Чем выше степень анонимности и типичности взаимодействий, чем более
они стандартизованы, тем более согласованно, успешно, «гладко» протекает
повседневная жизнь в целом.
Такой образ социального взаимодействия и социальной жизни в целом
может казаться чересчур рациональным. Но, как показывает Шюц, нормальность,
правильность, разумность, предсказуемость поведения в повседневной жизни
имеет мало общего с рациональностью. Классическая характеристика
рационального поведения дана Максом Вебером, на нее и ссылается Шюц:
«Рациональное действие предполагает, что деятель ясно представляет цели,
средства и вторичные последствия его, включая сюда рациональные
представления о средствах для достижения цели, о соотношении избранной цели
с другими возможными результатами применения этих средств, наконец, об
относительной важности различных возможных целей».
Для того, чтобы действие отвечало критериям рациональности,
Действующий должен проанализировать (а) ситуацию начала деятельности, в том
числе в ее специфическом биографическом преломлении, (б) состояние дел,
которое предполагается в качестве цели, в том числе место предполагаемой
цели в иерархии своих планов, совместимость ее с другими целями, их
возможное воздействие друг на друга (в) средства, возможности их
использования, их совместимость с целями, их совместимость со средствами,
привлекаемыми для реализации других планов и т.д.
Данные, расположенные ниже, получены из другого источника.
Lemma margin_edge_gformula y :
  margin Y (edge_gformula (rank_dag rk) al ea p) y = gfunctional de bi rk A Y a p y.
Proof.
set B := Af de bi A.
have disj : [disjoint ~: B & B] by rewrite disjoints_subset.
have BY s : s \in B -> s \notin Y.
  by move=> sB; rewrite (disjointFr AY) //; apply: subsetP (subsetDl _ _) s sB.
have agreeY s x c : s \in B -> agree Y (upd x s c) y = agree Y x y.
  by move=> /BY; apply: agree_upd.
have F_ignores s v : s \in B -> s != v -> ignores (F v) s.
  move=> sB; apply: ignores_edge_factor => svu; apply/andP; split => //.
  exact: subsetP (Af_subD_DV de bi A v) s sB.
have fN s v : s \in B -> v \in ~: B -> ignores (F v) s.
  move=> sB vB; apply: F_ignores => //.
  by apply: contraTneq vB => <-; rewrite inE sB.
have fB s v : s \in B -> v \in B -> s != v -> (0 <= 0)%N -> ignores (F v) s.
  by move=> sB _ sv _; apply: F_ignores.
have sumF s x : s \in B -> \sum_c F s (upd x s c) = 1.
  by move=> _; apply: sum_edge_factor => //; rewrite /rank_dag ltnn.
have := sum_prod_elim y disj agreeY fN fB sumF.
rewrite big1_eq mulr1 => elim_B.
rewrite /margin (eq_bigr _ (fun x _ => edge_gformulaE _ _ _ _ x)).
transitivity (\sum_(x | agree Y x y) \prod_(v | (v \in ~: B) || (v \in B)) F v x).
  by apply: eq_bigr => x _; apply: eq_bigl => v; rewrite [v \in ~: B]inE orNb.
rewrite elim_B; apply: eq_big => [z|z _]; first by rewrite agreeU.
apply: eq_bigr => u _; apply: eq_cond => x' //=; apply: eq_forallb => w.
by rewrite /rank_dag /gformula_edges; case: ltnP.
Qed.

End GFunctional.
(* Let $\theta\in(\mathbb{R}^N_{>0})^R$ and $w\in\mathbb{R}^N_{>0}$ be positive vectors. Let $y\in\mathcal{B}$ and let $z$ be a point of the base polytope of the submodular function $F=\sum_{r\in[R]}F_r$. Then there exists $\xi\in\mathcal{B}$ such that $A\xi=z$ and $$\|\xi-y\|_{2,\theta}\le\sqrt{\tfrac{\|\theta\|_{1,\infty}}{2}}\,\|Ay-z\|_1 .$$ Moreover, $\|\xi-y\|_{2,\theta}\le\sqrt{\tfrac{\|\theta\|_{1,\infty}\,\|w^{-1}\|_1}{2}}\,\|Ay-z\|_{2,w}$, where $w^{-1}=(w_1^{-1},\dots,w_N^{-1})$.
   Context: Let $N,R$ be positive integers and $[N]=\{1,\dots,N\}$. For each $r\in[R]$, $F_r:2^{[N]}\to\mathbb{R}$ is a submodular function with $F_r(\emptyset)=0$. For $z\in\mathbb{R}^N$ and $S\subseteq[N]$, $z(S)=\sum_{i\in S}z_i$. The base polytope of a normalized submodular $G$ on $[N]$ is $\{u\in\mathbb{R}^N: u(S)\le G(S)\ \forall S\subseteq[N],\ u([N])=G([N])\}$; $\mathcal{B}_r$ denotes the base polytope of $F_r$ and $\mathcal{B}=\mathcal{B}_1\times\cdots\times\mathcal{B}_R\subseteq(\mathbb{R}^N)^R$, with elements $y=(y_1,\dots,y_R)$ and $y_{r,i}$ the $i$-th coordinate of $y_r$. The linear map $A:(\mathbb{R}^N)^R\to\mathbb{R}^N$ is $Ay=\sum_{r}y_r$. An element $i\in[N]$ is incident to $F_r$ if there is $S\subseteq[N]\setminus\{i\}$ with $F_r(S\cup\{i\})\neq F_r(S)$; $S_r$ is the set of elements incident to $F_r$. Assume every $i\in[N]$ lies in at least one $S_r$. For $w\in\mathbb{R}^N_{\ge 0}$, $\|z\|_{2,w}=\sqrt{\sum_i w_iz_i^2}$; for $\theta=(\theta_1,\dots,\theta_R)\in(\mathbb{R}^N_{\ge0})^R$ and $y\in(\mathbb{R}^N)^R$, $\|y\|_{2,\theta}=\sqrt{\sum_r\|y_r\|_{2,\theta_r}^2}$, and $\|\theta\|_{1,\infty}=\sum_{i\in[N]}\max_{r\in[R]:\,i\in S_r}\theta_{r,i}$. *)

From HB Require Import structures.
From mathcomp Require Import all_boot all_order all_algebra.
Set Implicit Arguments. Unset Strict Implicit. Unset Printing Implicit Defensive.
Import Order.TTheory GRing.Theory Num.Theory.
Local Open Scope ring_scope.
Definition out_coef_dir K n1 d alpha w u dW dU xi r :=
  - (softmax K n1 d alpha w u xi r * (fr_dir n1 d alpha w u dW dU xi r
       - rsum K (fun k => softmax K n1 d alpha w u xi k * fr_dir n1 d alpha w u dW dU xi k))).

(* [rpow z a] is differentiable in [z] only for [z > 0]; a null input keeps the pre-activation at 0. *)
Definition preact_regular d (u : nat -> nat -> R) (xi : nat -> R) l := 0 < preact d u xi l \/ (forall m, (m < d)%nat -> xi m = 0).

Lemma dl_preact d (U : R -> nat -> nat -> R) dU xi l t0 :
  (forall m, (m < d)%nat -> derivable_pt_lim (fun t => U t l m) t0 (dU l m)) ->
  derivable_pt_lim (fun t => preact d (U t) xi l) t0 (preact_dir d dU xi l).
Proof.
  intros H. unfold preact, preact_dir. apply (dl_rsum d (fun t m => U t l m * xi m)). intros m Hm.
  apply (dl_ext (fun t => U t l m * (fun _ => xi m) t)); [reflexivity|].
  replace (dU l m * xi m) with (dU l m * xi m + U t0 l m * 0) by ring.
  apply dl_mult; auto. apply dl_const.
Qed.

Lemma preact_dir_null d dU xi l : (forall m, (m < d)%nat -> xi m = 0) -> preact_dir d dU xi l = 0.
Proof. intros H. unfold preact_dir. rewrite (rsum_ext _ _ (fun _ => 0)). apply rsum_zero. intros; rewrite H; auto; ring. Qed.

Lemma preact_null d u xi l : (forall m, (m < d)%nat -> xi m = 0) -> preact d u xi l = 0.
Proof. intros H. unfold preact. rewrite (rsum_ext _ _ (fun _ => 0)). apply rsum_zero. intros; rewrite H; auto; ring. Qed.

Lemma dl_rpow_preact d (U : R -> nat -> nat -> R) dU xi l t0 c :
  (forall m, (m < d)%nat -> derivable_pt_lim (fun t => U t l m) t0 (dU l m)) ->
  preact_regular d (U t0) xi l ->
  derivable_pt_lim (fun t => rpow (preact d (U t) xi l) c) t0
    (c * rpow (preact d (U t0) xi l) (c - 1) * preact_dir d dU xi l).
Proof.
  intros H [Hz | Hz].
  - apply dl_rpow; auto. apply dl_preact; auto.
  - rewrite (preact_dir_null d dU xi l Hz). replace (c * rpow (preact d (U t0) xi l) (c - 1) * 0) with 0 by ring.
    apply (dl_ext (fun _ => rpow 0 c)). { intro t. rewrite preact_null; auto. } apply dl_const.
Qed.

Lemma dl_act d alpha (U : R -> nat -> nat -> R) dU xi l t0 :
  (forall m, (m < d)%nat -> derivable_pt_lim (fun t => U t l m) t0 (dU l m)) ->
  preact_regular d (U t0) xi l ->
  derivable_pt_lim (fun t => act d alpha (U t) xi l) t0 (act_dir d alpha (U t0) dU xi l).
Proof. intros. unfold act, act_dir, act1. apply dl_rpow_preact; auto. Qed.

Lemma dl_act1 d alpha (U : R -> nat -> nat -> R) dU xi l t0 :
  (forall m, (m < d)%nat -> derivable_pt_lim (fun t => U t l m) t0 (dU l m)) ->
  preact_regular d (U t0) xi l ->
  derivable_pt_lim (fun t => act1 d alpha (U t) xi l) t0 (act1_dir d alpha (U t0) dU xi l).
Proof.
  intros. unfold act1, act1_dir, act2. rewrite !Rmult_assoc. apply dl_scal.
  rewrite <- Rmult_assoc. apply dl_rpow_preact; auto.
Qed.

Lemma dl_fr n1 d alpha (W U : R -> nat -> nat -> R) dW dU xi r t0 :
  (forall l, (l < n1)%nat -> derivable_pt_lim (fun t => W t r l) t0 (dW r l)) ->
  (forall l m, (l < n1)%nat -> (m < d)%nat -> derivable_pt_lim (fun t => U t l m) t0 (dU l m)) ->
  (forall l, (l < n1)%nat -> preact_regular d (U t0) xi l) ->
  derivable_pt_lim (fun t => fr n1 d alpha (W t) (U t) r xi) t0 (fr_dir n1 d alpha (W t0) (U t0) dW dU xi r).
Proof.
  intros HW HU Hz. unfold fr_dir.
  apply (dl_ext (fun t => rsum n1 ((fun t l => W t r l * act d alpha (U t) xi l) t))); [reflexivity|].
  apply dl_rsum. intros l Hl.
  apply (dl_ext (fun t => (fun t => W t r l) t * (fun t => act d alpha (U t) xi l) t)); [reflexivity|].
  apply dl_mult; auto. apply dl_act; auto.
Qed.

Lemma dl_softmax_den K n1 d alpha (W U : R -> nat -> nat -> R) dW dU xi t0 :
  (forall r l, (r < K)%nat -> (l < n1)%nat -> derivable_pt_lim (fun t => W t r l) t0 (dW r l)) ->
  (forall l m, (l < n1)%nat -> (m < d)%nat -> derivable_pt_lim (fun t => U t l m) t0 (dU l m)) ->
  (forall l, (l < n1)%nat -> preact_regular d (U t0) xi l) ->
  derivable_pt_lim (fun t => softmax_den K n1 d alpha (W t) (U t) xi) t0
    (rsum K (fun r => exp (fr n1 d alpha (W t0) (U t0) r xi) * fr_dir n1 d alpha (W t0) (U t0) dW dU xi r)).
Proof.
  intros HW HU Hz. unfold softmax_den.
  apply (dl_ext (fun t => rsum K ((fun t r => exp (fr n1 d alpha (W t) (U t) r xi)) t))); [reflexivity|].
  apply dl_rsum. intros r Hr. apply (dl_exp (fun t => fr n1 d alpha (W t) (U t) r xi)).
  apply dl_fr; auto.
Qed.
Ясно, что действие
вызовет реакцию других людей. Тогда не только эти другие должны выполнить
все предписания рациональности (а, б, в), но и сам действующий должен
учесть в своих расчетах все их расчеты, чтобы суметь реализовать свои цели.
Таковы явно невыполнимые — и явно невыполняемые в каждом конкретном
случае — условия рационального поведения. Тем не менее повседневная жизнь
почти полностью состоит из дийствий, которые понятны, разумны, предсказуемы
и в этом смысле рациональны. А это значит, что повседневная рациональность
отличается от идеальной, логической рациональности, как она описывалась М.
Вебером и многими другими. Она основывается не на «исчислении» средств-
целей, а на априорно данных типических структурах, которые не анализируются
и не рассчитываются, а приняты на веру. Они представляют собой нормальную
объективную среду повседневной деятельности. Эта нормальность есть
повседневный эрзац научной рациональности, хотя и слывет последней.
Повседневная реальность вообще, согласно Шюцу, является реальностью
особого рода. Как это понимать? Выдвигая концепцию множественности
реальностей, Шюц опирается на идею американского философа и психолога У.
Джемса о существовании многообразных миров опыта, единственным критерием
реальности которых служит психологическая убежденность, вера в их реальное
существование. Джеме говорит о мире физических объектов, мире научной
теории, мире религиозной веры и т.д.
Шюц говорит об этих же явлениях, называя джемсовские «миры опыта»
«конечными областями значений», которым люди могут приписывать свойство
реальности. «Мы называем конечной областью значений, — пишет Шюц, —
некоторую совокупность данных нашего опыта, если все они демонстрируют
определенный когнитивный стиль и являются — по отношению к этому стилю — в
себе непротиворечивыми и совместимыми друг с другом». Эти конечные области
значений: мир научного теоретизирования и т.д.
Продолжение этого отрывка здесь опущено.